INPUT DATA:

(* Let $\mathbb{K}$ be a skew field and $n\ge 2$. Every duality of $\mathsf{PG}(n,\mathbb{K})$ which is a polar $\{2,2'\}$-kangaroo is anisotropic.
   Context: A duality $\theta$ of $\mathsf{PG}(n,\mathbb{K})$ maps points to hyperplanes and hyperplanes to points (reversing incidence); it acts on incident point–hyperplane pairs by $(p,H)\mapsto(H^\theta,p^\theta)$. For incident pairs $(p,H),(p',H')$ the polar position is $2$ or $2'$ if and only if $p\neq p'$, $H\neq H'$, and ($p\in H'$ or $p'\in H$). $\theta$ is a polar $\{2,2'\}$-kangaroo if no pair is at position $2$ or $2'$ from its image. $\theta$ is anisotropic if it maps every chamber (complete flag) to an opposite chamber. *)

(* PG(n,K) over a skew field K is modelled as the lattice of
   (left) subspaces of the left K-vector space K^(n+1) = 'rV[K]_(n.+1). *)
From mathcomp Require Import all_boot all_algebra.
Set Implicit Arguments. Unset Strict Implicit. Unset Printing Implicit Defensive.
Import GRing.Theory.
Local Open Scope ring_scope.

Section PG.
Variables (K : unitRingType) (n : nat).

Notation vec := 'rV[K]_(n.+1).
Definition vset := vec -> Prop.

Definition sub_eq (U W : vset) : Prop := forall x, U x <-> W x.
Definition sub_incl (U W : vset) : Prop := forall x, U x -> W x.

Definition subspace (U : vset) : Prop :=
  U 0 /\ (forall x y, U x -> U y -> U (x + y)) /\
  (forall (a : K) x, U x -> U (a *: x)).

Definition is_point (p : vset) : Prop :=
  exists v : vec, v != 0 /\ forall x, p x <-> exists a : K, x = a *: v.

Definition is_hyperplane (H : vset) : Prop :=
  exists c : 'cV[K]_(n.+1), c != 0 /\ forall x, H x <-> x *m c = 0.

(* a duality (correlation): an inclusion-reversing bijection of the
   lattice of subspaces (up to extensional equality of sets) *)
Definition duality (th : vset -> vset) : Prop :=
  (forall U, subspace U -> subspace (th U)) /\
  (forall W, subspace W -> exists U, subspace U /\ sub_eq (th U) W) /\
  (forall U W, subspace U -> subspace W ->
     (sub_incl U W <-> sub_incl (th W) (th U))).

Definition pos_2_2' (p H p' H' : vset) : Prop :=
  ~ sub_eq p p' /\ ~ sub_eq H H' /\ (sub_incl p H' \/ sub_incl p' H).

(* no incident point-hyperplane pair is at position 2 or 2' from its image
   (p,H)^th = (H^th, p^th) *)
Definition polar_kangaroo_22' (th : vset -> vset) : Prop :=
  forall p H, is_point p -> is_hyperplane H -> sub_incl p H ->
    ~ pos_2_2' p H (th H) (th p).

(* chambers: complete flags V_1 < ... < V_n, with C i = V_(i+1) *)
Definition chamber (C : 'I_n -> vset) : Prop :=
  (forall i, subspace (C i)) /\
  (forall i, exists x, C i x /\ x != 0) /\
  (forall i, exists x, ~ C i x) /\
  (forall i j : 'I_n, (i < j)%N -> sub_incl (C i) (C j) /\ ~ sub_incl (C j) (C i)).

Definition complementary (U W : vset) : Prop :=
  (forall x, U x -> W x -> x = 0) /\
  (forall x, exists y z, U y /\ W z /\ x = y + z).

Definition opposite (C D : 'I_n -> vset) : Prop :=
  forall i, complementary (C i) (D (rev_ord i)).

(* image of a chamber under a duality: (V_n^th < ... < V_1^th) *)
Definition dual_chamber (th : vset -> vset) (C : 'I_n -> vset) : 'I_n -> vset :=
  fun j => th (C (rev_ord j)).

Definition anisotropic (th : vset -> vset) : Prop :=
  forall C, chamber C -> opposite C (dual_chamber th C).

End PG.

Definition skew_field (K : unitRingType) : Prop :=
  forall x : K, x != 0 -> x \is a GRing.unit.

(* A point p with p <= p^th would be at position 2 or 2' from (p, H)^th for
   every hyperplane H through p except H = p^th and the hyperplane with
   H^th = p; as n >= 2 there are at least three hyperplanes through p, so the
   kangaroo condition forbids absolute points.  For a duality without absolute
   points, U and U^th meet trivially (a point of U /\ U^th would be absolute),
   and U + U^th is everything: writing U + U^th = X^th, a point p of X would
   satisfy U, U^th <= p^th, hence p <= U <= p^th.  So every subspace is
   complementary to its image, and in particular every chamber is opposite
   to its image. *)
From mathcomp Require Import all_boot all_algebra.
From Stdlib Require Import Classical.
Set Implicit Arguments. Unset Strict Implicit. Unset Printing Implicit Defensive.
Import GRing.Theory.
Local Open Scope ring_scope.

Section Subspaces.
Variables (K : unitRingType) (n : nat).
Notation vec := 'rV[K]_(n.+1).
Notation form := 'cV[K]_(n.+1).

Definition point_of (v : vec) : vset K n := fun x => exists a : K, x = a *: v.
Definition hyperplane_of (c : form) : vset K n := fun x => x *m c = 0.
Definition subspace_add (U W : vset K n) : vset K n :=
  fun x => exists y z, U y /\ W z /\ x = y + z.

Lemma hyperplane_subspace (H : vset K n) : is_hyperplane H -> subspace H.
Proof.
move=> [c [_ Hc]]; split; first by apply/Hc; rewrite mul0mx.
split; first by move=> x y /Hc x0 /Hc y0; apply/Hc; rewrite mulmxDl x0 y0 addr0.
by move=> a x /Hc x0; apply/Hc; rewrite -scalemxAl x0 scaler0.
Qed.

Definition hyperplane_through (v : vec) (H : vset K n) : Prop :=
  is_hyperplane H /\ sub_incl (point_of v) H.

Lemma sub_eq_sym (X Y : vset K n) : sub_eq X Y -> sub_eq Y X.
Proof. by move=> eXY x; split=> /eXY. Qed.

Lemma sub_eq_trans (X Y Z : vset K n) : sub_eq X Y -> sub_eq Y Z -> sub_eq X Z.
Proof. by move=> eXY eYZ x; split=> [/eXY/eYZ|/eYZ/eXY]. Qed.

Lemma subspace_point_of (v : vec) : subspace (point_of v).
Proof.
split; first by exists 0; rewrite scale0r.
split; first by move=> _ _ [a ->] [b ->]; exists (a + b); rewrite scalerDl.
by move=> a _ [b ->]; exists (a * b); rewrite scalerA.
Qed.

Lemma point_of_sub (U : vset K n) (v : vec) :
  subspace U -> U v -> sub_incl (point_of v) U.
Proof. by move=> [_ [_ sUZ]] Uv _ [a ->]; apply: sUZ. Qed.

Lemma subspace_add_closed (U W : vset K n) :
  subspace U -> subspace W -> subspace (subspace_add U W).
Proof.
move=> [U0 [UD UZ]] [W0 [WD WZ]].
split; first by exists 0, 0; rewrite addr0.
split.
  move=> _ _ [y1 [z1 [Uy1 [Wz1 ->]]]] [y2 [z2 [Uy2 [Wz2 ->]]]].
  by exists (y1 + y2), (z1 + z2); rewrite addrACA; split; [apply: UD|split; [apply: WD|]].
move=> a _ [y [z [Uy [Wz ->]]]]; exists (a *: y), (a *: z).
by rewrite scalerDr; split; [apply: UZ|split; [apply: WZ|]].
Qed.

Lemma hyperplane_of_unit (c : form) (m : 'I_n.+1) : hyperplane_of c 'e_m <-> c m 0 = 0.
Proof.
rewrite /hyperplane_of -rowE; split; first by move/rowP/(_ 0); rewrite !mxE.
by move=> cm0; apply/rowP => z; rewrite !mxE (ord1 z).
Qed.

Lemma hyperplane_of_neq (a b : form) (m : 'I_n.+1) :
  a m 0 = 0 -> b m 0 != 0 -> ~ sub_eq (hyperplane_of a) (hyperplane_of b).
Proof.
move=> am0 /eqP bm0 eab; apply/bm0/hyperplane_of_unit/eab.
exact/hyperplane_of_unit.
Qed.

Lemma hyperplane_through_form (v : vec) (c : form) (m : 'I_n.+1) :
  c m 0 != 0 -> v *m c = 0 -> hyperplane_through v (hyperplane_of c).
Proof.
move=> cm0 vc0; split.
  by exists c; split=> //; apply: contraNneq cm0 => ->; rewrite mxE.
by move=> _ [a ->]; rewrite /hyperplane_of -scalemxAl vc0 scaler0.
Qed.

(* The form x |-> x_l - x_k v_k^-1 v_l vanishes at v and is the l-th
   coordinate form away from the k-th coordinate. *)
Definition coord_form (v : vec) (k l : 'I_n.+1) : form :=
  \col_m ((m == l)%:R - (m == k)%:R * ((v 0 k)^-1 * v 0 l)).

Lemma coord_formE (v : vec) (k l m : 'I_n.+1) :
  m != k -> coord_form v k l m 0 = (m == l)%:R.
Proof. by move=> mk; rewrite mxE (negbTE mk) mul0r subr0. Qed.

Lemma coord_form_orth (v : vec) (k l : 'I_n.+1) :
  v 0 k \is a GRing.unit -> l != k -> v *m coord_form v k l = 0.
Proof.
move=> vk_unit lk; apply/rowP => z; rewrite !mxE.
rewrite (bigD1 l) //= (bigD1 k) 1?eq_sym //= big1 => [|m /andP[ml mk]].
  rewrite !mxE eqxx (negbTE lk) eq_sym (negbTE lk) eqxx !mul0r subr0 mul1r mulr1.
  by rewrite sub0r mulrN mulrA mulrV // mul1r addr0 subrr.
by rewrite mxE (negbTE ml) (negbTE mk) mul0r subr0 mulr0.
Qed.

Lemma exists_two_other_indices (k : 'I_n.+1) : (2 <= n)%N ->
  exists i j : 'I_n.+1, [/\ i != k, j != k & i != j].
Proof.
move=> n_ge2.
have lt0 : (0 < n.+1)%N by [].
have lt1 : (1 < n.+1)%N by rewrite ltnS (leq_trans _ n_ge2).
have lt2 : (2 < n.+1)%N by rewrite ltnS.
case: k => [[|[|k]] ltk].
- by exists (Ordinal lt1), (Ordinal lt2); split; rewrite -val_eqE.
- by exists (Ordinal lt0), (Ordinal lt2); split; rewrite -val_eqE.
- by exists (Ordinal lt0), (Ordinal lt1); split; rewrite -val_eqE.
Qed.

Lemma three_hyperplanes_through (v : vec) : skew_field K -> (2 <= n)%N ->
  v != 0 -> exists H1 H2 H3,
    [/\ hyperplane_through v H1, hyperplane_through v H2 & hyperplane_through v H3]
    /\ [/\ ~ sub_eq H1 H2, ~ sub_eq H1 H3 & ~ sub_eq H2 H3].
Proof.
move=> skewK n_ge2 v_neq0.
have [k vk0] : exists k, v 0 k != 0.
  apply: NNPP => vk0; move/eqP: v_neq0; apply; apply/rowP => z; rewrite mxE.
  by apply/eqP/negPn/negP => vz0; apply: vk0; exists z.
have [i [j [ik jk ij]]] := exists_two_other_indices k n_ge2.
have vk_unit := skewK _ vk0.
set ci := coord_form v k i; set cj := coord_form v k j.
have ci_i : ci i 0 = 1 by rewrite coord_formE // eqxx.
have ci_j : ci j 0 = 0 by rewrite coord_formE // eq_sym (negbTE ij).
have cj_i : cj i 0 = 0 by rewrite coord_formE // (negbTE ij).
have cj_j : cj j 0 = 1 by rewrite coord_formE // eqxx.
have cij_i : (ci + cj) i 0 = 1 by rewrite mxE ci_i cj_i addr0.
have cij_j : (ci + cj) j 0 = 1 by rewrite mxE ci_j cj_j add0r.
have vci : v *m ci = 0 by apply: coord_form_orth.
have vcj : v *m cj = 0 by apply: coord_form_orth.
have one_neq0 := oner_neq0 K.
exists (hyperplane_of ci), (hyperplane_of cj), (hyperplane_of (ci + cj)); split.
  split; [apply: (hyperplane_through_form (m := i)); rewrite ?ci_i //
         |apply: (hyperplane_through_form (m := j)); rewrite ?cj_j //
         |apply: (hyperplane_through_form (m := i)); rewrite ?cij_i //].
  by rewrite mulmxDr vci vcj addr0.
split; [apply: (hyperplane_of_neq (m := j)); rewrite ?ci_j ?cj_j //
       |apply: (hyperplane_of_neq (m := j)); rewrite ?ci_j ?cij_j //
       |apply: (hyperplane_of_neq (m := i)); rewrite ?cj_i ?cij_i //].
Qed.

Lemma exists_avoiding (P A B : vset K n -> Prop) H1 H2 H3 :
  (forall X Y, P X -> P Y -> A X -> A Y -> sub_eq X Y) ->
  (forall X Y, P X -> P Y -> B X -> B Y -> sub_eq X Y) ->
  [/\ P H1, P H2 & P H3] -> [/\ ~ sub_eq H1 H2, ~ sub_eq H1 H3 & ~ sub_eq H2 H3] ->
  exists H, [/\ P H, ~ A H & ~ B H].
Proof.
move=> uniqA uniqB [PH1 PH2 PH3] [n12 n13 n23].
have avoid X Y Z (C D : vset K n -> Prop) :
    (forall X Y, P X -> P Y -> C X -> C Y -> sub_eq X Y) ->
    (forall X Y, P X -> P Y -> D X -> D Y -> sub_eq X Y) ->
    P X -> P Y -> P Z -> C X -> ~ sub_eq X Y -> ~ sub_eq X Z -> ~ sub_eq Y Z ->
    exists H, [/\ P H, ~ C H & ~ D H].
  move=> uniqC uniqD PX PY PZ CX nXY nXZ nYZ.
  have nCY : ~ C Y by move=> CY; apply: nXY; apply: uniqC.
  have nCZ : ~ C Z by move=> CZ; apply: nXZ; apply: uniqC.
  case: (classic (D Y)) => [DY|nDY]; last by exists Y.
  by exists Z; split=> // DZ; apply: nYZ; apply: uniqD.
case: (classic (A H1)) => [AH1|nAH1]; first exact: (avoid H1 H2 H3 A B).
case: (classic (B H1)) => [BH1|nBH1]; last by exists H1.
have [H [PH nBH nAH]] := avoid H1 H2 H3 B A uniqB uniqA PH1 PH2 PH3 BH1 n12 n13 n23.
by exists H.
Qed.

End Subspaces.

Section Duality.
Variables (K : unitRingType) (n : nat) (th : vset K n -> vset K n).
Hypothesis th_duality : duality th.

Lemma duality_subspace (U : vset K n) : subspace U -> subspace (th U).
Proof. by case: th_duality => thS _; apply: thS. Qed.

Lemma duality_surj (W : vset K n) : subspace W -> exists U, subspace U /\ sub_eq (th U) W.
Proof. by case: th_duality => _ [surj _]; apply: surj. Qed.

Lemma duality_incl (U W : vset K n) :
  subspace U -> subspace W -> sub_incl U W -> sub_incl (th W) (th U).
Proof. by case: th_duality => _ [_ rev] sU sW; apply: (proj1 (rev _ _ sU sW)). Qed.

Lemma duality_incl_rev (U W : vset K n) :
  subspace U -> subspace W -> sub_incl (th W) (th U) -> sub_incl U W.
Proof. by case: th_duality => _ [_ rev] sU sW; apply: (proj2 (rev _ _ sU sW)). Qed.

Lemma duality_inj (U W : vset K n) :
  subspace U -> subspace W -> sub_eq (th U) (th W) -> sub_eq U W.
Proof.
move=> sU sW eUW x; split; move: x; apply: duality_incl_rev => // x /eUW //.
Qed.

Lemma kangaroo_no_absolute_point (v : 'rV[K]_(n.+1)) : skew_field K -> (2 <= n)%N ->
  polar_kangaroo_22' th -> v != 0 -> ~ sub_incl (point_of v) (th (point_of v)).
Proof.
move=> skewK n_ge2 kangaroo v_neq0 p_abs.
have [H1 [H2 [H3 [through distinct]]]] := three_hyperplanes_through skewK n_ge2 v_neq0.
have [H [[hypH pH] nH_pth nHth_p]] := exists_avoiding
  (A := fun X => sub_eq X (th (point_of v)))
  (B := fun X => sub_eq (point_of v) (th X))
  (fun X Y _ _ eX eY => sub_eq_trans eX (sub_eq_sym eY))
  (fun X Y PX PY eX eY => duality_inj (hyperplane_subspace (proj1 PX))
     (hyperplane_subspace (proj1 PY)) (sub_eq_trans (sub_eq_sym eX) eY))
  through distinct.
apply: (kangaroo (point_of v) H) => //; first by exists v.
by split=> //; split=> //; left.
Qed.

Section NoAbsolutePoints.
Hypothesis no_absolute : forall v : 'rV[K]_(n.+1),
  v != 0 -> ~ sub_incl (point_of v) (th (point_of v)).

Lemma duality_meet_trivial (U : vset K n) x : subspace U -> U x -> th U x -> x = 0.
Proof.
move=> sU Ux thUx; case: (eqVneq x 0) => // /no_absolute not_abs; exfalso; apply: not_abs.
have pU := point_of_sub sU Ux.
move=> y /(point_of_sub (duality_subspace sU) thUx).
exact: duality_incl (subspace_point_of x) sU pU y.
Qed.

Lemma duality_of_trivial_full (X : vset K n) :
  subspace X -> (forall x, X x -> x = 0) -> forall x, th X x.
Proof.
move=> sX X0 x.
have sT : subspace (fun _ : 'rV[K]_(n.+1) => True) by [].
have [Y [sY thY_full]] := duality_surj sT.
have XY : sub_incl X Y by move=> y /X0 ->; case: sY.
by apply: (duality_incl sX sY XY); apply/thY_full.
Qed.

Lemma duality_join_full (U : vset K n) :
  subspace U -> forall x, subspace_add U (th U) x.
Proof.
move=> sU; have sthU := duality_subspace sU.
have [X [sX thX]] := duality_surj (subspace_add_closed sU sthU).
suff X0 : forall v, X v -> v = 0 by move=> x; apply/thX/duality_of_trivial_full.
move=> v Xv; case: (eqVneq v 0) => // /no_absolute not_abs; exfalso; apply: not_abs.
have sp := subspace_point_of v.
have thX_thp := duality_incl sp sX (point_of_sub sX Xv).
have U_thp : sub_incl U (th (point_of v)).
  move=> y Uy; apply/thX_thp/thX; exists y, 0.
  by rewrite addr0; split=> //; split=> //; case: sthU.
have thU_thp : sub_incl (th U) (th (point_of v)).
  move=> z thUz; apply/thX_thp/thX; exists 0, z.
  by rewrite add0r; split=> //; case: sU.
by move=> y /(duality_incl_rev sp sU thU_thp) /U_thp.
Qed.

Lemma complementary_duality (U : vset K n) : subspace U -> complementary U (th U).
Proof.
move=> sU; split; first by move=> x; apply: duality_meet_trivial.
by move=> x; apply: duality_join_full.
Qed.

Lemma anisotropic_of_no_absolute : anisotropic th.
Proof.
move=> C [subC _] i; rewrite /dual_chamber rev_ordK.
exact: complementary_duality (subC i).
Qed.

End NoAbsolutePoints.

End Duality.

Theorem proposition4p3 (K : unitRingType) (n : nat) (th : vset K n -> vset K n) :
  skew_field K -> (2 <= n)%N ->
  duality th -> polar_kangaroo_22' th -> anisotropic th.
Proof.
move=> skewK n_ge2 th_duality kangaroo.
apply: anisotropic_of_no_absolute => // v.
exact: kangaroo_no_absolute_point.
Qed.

==

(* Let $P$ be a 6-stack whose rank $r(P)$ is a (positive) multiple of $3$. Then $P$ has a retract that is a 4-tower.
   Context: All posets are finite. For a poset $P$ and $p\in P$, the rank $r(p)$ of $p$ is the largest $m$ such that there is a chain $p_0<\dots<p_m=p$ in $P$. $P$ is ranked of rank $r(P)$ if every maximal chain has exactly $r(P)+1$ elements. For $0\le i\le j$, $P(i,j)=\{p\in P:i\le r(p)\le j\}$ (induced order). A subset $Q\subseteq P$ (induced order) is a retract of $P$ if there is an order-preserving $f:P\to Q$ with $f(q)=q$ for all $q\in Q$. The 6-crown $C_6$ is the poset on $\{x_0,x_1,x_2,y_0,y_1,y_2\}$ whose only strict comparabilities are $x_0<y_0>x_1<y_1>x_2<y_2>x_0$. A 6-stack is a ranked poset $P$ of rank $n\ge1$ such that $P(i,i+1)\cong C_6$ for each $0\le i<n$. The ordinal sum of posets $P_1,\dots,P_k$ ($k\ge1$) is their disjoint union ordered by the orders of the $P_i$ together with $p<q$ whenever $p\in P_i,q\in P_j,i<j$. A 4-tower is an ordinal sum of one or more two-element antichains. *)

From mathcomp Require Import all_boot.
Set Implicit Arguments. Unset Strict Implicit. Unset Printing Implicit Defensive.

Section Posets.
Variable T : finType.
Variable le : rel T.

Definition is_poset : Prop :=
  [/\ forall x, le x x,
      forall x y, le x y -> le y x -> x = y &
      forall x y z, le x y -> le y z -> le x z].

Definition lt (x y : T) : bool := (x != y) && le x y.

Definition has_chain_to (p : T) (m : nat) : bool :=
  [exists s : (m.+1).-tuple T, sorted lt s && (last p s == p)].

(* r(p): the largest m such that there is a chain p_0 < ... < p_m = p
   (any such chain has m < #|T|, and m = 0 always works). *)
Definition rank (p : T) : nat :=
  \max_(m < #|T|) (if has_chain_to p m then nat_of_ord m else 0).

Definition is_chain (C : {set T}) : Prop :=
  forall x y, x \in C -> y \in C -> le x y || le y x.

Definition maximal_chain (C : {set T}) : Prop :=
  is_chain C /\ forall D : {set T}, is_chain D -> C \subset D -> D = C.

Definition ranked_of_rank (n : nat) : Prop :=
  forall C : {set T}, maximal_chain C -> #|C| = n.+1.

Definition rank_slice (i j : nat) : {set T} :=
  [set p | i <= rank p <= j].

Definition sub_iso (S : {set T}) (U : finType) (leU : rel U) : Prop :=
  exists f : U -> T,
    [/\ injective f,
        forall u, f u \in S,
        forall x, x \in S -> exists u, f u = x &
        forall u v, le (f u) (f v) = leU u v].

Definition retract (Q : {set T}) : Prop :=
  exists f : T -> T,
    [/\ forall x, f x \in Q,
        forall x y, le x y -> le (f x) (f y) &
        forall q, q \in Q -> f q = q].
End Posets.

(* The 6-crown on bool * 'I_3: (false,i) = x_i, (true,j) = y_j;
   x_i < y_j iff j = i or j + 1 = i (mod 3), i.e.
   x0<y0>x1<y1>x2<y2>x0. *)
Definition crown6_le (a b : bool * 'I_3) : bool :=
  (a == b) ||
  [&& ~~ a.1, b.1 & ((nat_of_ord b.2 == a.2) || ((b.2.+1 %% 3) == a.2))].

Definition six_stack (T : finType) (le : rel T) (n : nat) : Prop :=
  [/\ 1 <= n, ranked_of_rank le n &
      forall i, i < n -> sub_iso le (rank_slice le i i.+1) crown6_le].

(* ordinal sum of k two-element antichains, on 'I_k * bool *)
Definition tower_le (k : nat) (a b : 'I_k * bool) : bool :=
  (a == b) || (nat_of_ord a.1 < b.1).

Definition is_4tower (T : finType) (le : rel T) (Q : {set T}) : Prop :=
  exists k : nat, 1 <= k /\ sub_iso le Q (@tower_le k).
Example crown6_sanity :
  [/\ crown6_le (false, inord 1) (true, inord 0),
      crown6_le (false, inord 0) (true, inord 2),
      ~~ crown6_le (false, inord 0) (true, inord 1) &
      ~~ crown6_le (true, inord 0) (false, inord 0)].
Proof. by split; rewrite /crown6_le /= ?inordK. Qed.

EXERCISE AIM: In your answer, include only the lines above starting at the line that holds "(fun X Y _ _" and ending at the line that holds "Lemma duality_of_trivial_full (X", copied exactly.

RESULT BELOW:
  (fun X Y _ _ eX eY => sub_eq_trans eX (sub_eq_sym eY))
  (fun X Y PX PY eX eY => duality_inj (hyperplane_subspace (proj1 PX))
     (hyperplane_subspace (proj1 PY)) (sub_eq_trans (sub_eq_sym eX) eY))
  through distinct.
apply: (kangaroo (point_of v) H) => //; first by exists v.
by split=> //; split=> //; left.
Qed.

Section NoAbsolutePoints.
Hypothesis no_absolute : forall v : 'rV[K]_(n.+1),
  v != 0 -> ~ sub_incl (point_of v) (th (point_of v)).

Lemma duality_meet_trivial (U : vset K n) x : subspace U -> U x -> th U x -> x = 0.
Proof.
move=> sU Ux thUx; case: (eqVneq x 0) => // /no_absolute not_abs; exfalso; apply: not_abs.
have pU := point_of_sub sU Ux.
move=> y /(point_of_sub (duality_subspace sU) thUx).
exact: duality_incl (subspace_point_of x) sU pU y.
Qed.

Lemma duality_of_trivial_full (X : vset K n) :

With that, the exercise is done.